For this project, I shot 470 images of the moon. My camera was set at ISO 100 with exposures of 1/160 of a second. I also shot 10 dark frames (images shot at the same setting but with lens cap on) to reduce noise. I could easily have also shot HD video of the moon at 30 fps with the same exposure settings and used the resulting video to process in the next step. Or for faster acquisition, I could have used my D750 at 60 fps. The end result would have been the same.

This is the RAW file as it came off the camera converted to JPG without any editing. The moon occupies a rather small space near the centre of the frame. It’s quite bright and very detailed. Many people would proudly share such an image online with little to no other post-processing and be quite happy with it. And rightfully so too. It’s a great image with sharp focus and good brightness. But with some processing work, we can do much better than this.

NOTE: If you’re using a DSLR, make sure to always shoot in RAW mode and never in JPG. And if you’re not dealing with video files, use TIFF as your intermediary format and only save out a JPG at the very end for your final image to share online. You want to maintain the highest possible quality through your workflow.

Original, unprocessed RAW image converted straight to JPG.

But zooming in on said image and examining it closer, fine detail shows that there is some visible pixellation and noise. Fine details such as craters are a bit blurry due to atmospheric distortion. And since the moon is so bright due to its advanced waxing gibbous stage, there’s very little contrast between light and dark areas.

Heavy zoom showing pixellated detail and noise.

Pre-Processing

The first step to preparing your images is to align your frames, crop them to size, and normalize the brightness. When shooting with a tracker or equatorial mount, alignment isn’t as critical. If your polar alignment and tracking are accurate, your target should be in the centre of the field of view throughout the entire series of images. However, if you were shooting full resolution stills instead of a video, you’ll see that the moon is but a small object in the centre of your image covering an area of anywhere from 800 x 800 to 1000 x 1000 pixels. Processing full 10+ MP still photos will take a LONG time, so this pre-processing step will save you a lot of time.

Not that even when shooting HD video at 1920 x 1080, you’ll still have a lot of black space on either side of your target. Pre-processing will remove this dead space making for much faster alignment and stacking.

For pre-processing, I use PIPP – Planetary Imaging PreProcessor. This free program is available for Windows, Linux and MacOS and I highly recommend it to anyone shooting and stacking images of solar system objects.

I loaded my images and my dark frames in their respective spots under the Source Files tab in PIPP. Since I put in a series of images, it automatically selected Join Mode since these are all pics of a single object. And I also selected the Solar/Lunar Full Disc under the Optimise Options For section. This is pretty self-explanatory.

From the Processing Options tab, I chose to stretch the histogram to 75% and set the black point to 0%. This reduced the overall image brightness a bit and ensured that all my different frames were at the exact same brightness and set my background to black. In this tab, I also chose to crop the image to 1200 x 1200. This left me the moon nicely framed with a bit of space around it.

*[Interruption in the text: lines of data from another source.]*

(* Let $\mathcal G$ be a finite group whose action on $\mathrm{Her}_{\tilde{\mathcal V}}$ satisfies $g\cdot I_{\tilde{\mathcal V}}=I_{\tilde{\mathcal V}}$ for all $g\in\mathcal G$. Assume $\mathcal S=\mathcal S_G$ and that Problem (P) is $\mathcal G$-symmetric. Assume further that for each $t\in\{1,\dots,T\}$ there is a subgroup $\mathcal H^{(t)}\subseteq\mathcal G$ and an irreducible projective (unitary or anti-unitary) representation $\mathcal H^{(t)}\ni h\mapsto U'_{h,t}$ on $\mathcal V_t$ such that for all $h\in\mathcal H^{(t)}$ and $X\in\mathrm{Her}_{\tilde{\mathcal V}}$, $$\mathrm{Tr}_{\mathcal W_T\otimes\mathcal V_T\otimes\cdots\otimes\mathcal V_{t+1}\otimes\mathcal W_t}(h\cdot X)=(\mathrm{Ad}_{U'_{h,t}}\otimes\mathrm{id}_{\mathcal W_{t-1}\otimes\mathcal V_{t-1}\otimes\cdots\otimes\mathcal W_1\otimes\mathcal V_1})\big(\mathrm{Tr}_{\mathcal W_T\otimes\mathcal V_T\otimes\cdots\otimes\mathcal V_{t+1}\otimes\mathcal W_t}X\big).$$ Then the optimal value of Problem (P) equals the optimal value obtained when $\mathcal S$ is replaced by $\mathcal S_\Psi:=\{I_{\tilde{\mathcal V}}/\prod_{t=1}^TN_{\mathcal V_t}\}$, i.e. $\sup_{\Phi\in\mathsf P}P(\Phi)=\sup\{P(\Phi):\Phi\in\mathcal C,\ \sum_m\Phi_m=I_{\tilde{\mathcal V}}/\prod_{t}N_{\mathcal V_t},\ \eta_j(\Phi)\le0\ \forall j\}$.
   Context: Standing setup. All Hilbert spaces are finite-dimensional complex. Fix an integer $T\ge1$ and systems $\mathcal V_1,\dots,\mathcal V_T,\mathcal W_1,\dots,\mathcal W_T$; set $\mathcal W_0:=\mathbb C$ and $\tilde{\mathcal V}:=\mathcal W_T\otimes\mathcal V_T\otimes\cdots\otimes\mathcal W_1\otimes\mathcal V_1$. $N_{\mathcal X}$ is the dimension of $\mathcal X$; $\mathrm{Her}_{\mathcal X}$ is the real Hilbert space of Hermitian operators on $\mathcal X$ with inner product $\langle X,Y\rangle=\mathrm{Tr}(XY)$, $\mathrm{Pos}_{\mathcal X}$ the positive semidefinite operators, $I_{\mathcal X}$ the identity, $\mathrm{Tr}_{\mathcal X}$ partial trace; $\overline A$ is closure. $\mathcal I_n:=\{0,\dots,n-1\}$. $\mathcal S_G$ is the set of operators $I_{\mathcal W_T}\otimes\tau_T$ where $\tau_t\in\mathrm{Pos}_{\mathcal V_t\otimes\mathcal W_{t-1}\otimes\mathcal V_{t-1}\otimes\cdots\otimes\mathcal W_1\otimes\mathcal V_1}$ ($t=1,\dots,T$) satisfy $\mathrm{Tr}\,\tau_1=1$ and $\mathrm{Tr}_{\mathcal V_t}\tau_t=I_{\mathcal W_{t-1}}\otimes\tau_{t-1}$ for $2\le t\le T$. Fix $M\ge2$; $\mathcal C_G:=\mathrm{Pos}_{\tilde{\mathcal V}}^M$; $\mathcal T_G:=\{\Phi=\{\Phi_m\}_{m=0}^{M-1}\in\mathcal C_G:\sum_m\Phi_m\in\mathcal S_G\}$. Data: $J\ge0$, $c_m,a_{j,m}\in\mathrm{Her}_{\tilde{\mathcal V}}$, $b_j\in\mathbb R$; $\eta_j(\Phi):=\sum_m\langle\Phi_m,a_{j,m}\rangle-b_j$, $P(\Phi):=\sum_m\langle\Phi_m,c_m\rangle$. $\mathcal T$ is a nonempty convex subset of $\mathcal T_G$, $\mathsf P:=\{\Phi\in\mathcal T:\eta_j(\Phi)\le0\ \forall j\}$ (assumed to satisfy $\overline{\mathsf P}=\{\Phi\in\overline{\mathcal T}:\eta_j(\Phi)\le0\ \forall j\}$); $\mathcal C\subseteq\mathcal C_G$ a closed convex cone and $\mathcal S\subseteq\mathcal S_G$ a closed convex set with $\overline{\mathcal T}=\{\Phi\in\mathcal C:\sum_m\Phi_m\in\mathcal S\}$. Problem (P): maximize $P(\Phi)$ over $\Phi\in\mathsf P$ (value $\sup$, $-\infty$ if empty). Symmetry: for a finite group $\mathcal G$, Problem (P) is $\mathcal G$-symmetric if (a) there are group actions $x\mapsto g\cdot x$ (with $(gh)\cdot x=g\cdot(h\cdot x)$, $e\cdot x=x$) of $\mathcal G$ on $\mathcal I_M$, on $\mathcal I_J$ and on $\mathrm{Her}_{\tilde{\mathcal V}}$; (b) each map $x\mapsto g\cdot x$ on $\mathrm{Her}_{\tilde{\mathcal V}}$ is linear with $\langle g\cdot x,g\cdot y\rangle=\langle x,y\rangle$; (c) for all $g,j,m$: $\Phi^{(g)}\in\mathcal T$ for $\Phi\in\mathcal T$, $\Phi^{(g)}\in\mathcal C$ for $\Phi\in\mathcal C$, $g\cdot\varphi\in\mathcal S$ for $\varphi\in\mathcal S$, $g\cdot a_{j,m}=a_{g\cdot j,g\cdot m}$, $b_j=b_{g\cdot j}$, $g\cdot c_m=c_{g\cdot m}$, where $\Phi^{(g)}:=\{g^{-1}\cdot\Phi_{g\cdot m}\}_m$. Representations: for $U$ a unitary or anti-unitary operator on $\mathcal X$, $\mathrm{Ad}_U(X):=UXU^\dagger$. A map $h\mapsto U_h$ from a group to unitary or anti-unitary operators on $\mathcal X$ is a projective (unitary or anti-unitary) representation if $\mathrm{Ad}_{U_e}=\mathrm{id}$ and $\mathrm{Ad}_{U_h}\circ\mathrm{Ad}_{U_{h'}}=\mathrm{Ad}_{U_{hh'}}$ for all $h,h'$; it is irreducible if the only subspaces of $\mathcal X$ invariant under all $U_h$ are $\{0\}$ and $\mathcal X$. *)

From HB Require Import structures.
From mathcomp Require Import all_boot all_order all_algebra all_fingroup.
From mathcomp Require Import complex.
From mathcomp Require Import boolp classical_sets reals constructive_ereal ereal.
Set Implicit Arguments. Unset Strict Implicit. Unset Printing Implicit Defensive.
Import Order.TTheory GRing.Theory Num.Theory.
Local Open Scope ring_scope.
Local Open Scope classical_set_scope.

From the Quality Options tab, I selected Enable Quality Estimation and Reorder Frames in Quality Order check boxes This will order the images from highest to lowest quality for later stacking.

From the Output Options tab, I chose the output format to be TIFF, which saves a series of TIFF files. AVI output is the default option and is perfect for lower resolution final images or 640 x 480 video, But I find larger video files sometimes don’t play nice with other stacking software, so I prefer saving images taken with my DSLR as TIFF. But either way should work.

Then finally, I ran the whole process. And this is the resulting image. This is just a single out of 470 frames that was exported from PIPP. The moon is nicely centred and the brightness neutralized. This will be the series of images that will imported in the next step for stacking.

Original shot – 16 MP RAW file converted to TIFF and cropped to 1200 x 1200

Examining this zoomed-in section, you can see that the noise and pixellation that visible in the previous stage is gone. PIPP performed the dark frame subtraction from each individual image lowering noise levels significantly, It looks far smoother than the previous stage. Detail is still fuzzy and not very sharp, but the pixellation caused by the noise has been removed.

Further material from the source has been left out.